- _YOUR ASSIGNMENT_:
Could you return all of the data exactly as given?

- _DATA FOR PROCESSING_:

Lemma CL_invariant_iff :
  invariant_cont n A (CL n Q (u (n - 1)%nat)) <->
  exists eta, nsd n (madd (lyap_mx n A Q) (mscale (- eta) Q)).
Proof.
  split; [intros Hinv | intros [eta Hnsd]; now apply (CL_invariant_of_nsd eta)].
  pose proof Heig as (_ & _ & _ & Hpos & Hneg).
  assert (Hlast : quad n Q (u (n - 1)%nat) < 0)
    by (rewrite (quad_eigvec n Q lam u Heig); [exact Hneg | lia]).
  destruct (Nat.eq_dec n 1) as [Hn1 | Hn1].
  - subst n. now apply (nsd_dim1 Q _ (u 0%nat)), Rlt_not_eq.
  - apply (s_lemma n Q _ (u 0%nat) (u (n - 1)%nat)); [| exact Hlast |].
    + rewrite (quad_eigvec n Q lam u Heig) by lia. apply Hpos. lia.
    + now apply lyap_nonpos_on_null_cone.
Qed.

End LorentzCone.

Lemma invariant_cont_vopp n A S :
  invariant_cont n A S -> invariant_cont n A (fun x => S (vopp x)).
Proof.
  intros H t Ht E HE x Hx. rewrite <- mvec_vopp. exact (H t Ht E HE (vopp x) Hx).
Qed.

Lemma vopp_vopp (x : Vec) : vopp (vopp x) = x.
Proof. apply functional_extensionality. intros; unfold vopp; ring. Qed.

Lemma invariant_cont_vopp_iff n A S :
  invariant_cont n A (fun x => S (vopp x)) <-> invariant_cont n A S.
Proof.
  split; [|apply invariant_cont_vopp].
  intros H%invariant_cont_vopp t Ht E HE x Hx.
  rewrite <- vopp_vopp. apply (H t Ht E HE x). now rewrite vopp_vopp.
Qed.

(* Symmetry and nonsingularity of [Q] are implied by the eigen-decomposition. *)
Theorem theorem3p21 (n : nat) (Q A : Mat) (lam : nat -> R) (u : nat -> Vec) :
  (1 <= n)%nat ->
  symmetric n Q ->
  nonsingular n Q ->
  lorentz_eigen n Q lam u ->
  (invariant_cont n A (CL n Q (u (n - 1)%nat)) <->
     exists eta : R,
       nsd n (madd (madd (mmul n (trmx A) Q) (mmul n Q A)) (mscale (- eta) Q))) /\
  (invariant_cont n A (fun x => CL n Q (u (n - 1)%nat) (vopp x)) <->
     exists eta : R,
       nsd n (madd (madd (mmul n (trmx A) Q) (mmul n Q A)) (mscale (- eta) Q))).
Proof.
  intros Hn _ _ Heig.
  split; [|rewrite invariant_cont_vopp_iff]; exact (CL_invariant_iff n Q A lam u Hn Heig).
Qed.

- _YOUR SOLUTION_:
Lemma CL_invariant_iff :
  invariant_cont n A (CL n Q (u (n - 1)%nat)) <->
  exists eta, nsd n (madd (lyap_mx n A Q) (mscale (- eta) Q)).
Proof.
  split; [intros Hinv | intros [eta Hnsd]; now apply (CL_invariant_of_nsd eta)].
  pose proof Heig as (_ & _ & _ & Hpos & Hneg).
  assert (Hlast : quad n Q (u (n - 1)%nat) < 0)
    by (rewrite (quad_eigvec n Q lam u Heig); [exact Hneg | lia]).
  destruct (Nat.eq_dec n 1) as [Hn1 | Hn1].
  - subst n. now apply (nsd_dim1 Q _ (u 0%nat)), Rlt_not_eq.
  - apply (s_lemma n Q _ (u 0%nat) (u (n - 1)%nat)); [| exact Hlast |].
    + rewrite (quad_eigvec n Q lam u Heig) by lia. apply Hpos. lia.
    + now apply lyap_nonpos_on_null_cone.
Qed.

End LorentzCone.

Lemma invariant_cont_vopp n A S :
  invariant_cont n A S -> invariant_cont n A (fun x => S (vopp x)).
Proof.
  intros H t Ht E HE x Hx. rewrite <- mvec_vopp. exact (H t Ht E HE (vopp x) Hx).
Qed.

Lemma vopp_vopp (x : Vec) : vopp (vopp x) = x.
Proof. apply functional_extensionality. intros; unfold vopp; ring. Qed.

Lemma invariant_cont_vopp_iff n A S :
  invariant_cont n A (fun x => S (vopp x)) <-> invariant_cont n A S.
Proof.
  split; [|apply invariant_cont_vopp].
  intros H%invariant_cont_vopp t Ht E HE x Hx.
  rewrite <- vopp_vopp. apply (H t Ht E HE x). now rewrite vopp_vopp.
Qed.

(* Symmetry and nonsingularity of [Q] are implied by the eigen-decomposition. *)
Theorem theorem3p21 (n : nat) (Q A : Mat) (lam : nat -> R) (u : nat -> Vec) :
  (1 <= n)%nat ->
  symmetric n Q ->
  nonsingular n Q ->
  lorentz_eigen n Q lam u ->
  (invariant_cont n A (CL n Q (u (n - 1)%nat)) <->
     exists eta : R,
       nsd n (madd (madd (mmul n (trmx A) Q) (mmul n Q A)) (mscale (- eta) Q))) /\
  (invariant_cont n A (fun x => CL n Q (u (n - 1)%nat) (vopp x)) <->
     exists eta : R,
       nsd n (madd (madd (mmul n (trmx A) Q) (mmul n Q A)) (mscale (- eta) Q))).
Proof.
  intros Hn _ _ Heig.
  split; [|rewrite invariant_cont_vopp_iff]; exact (CL_invariant_iff n Q A lam u Hn Heig).
Qed.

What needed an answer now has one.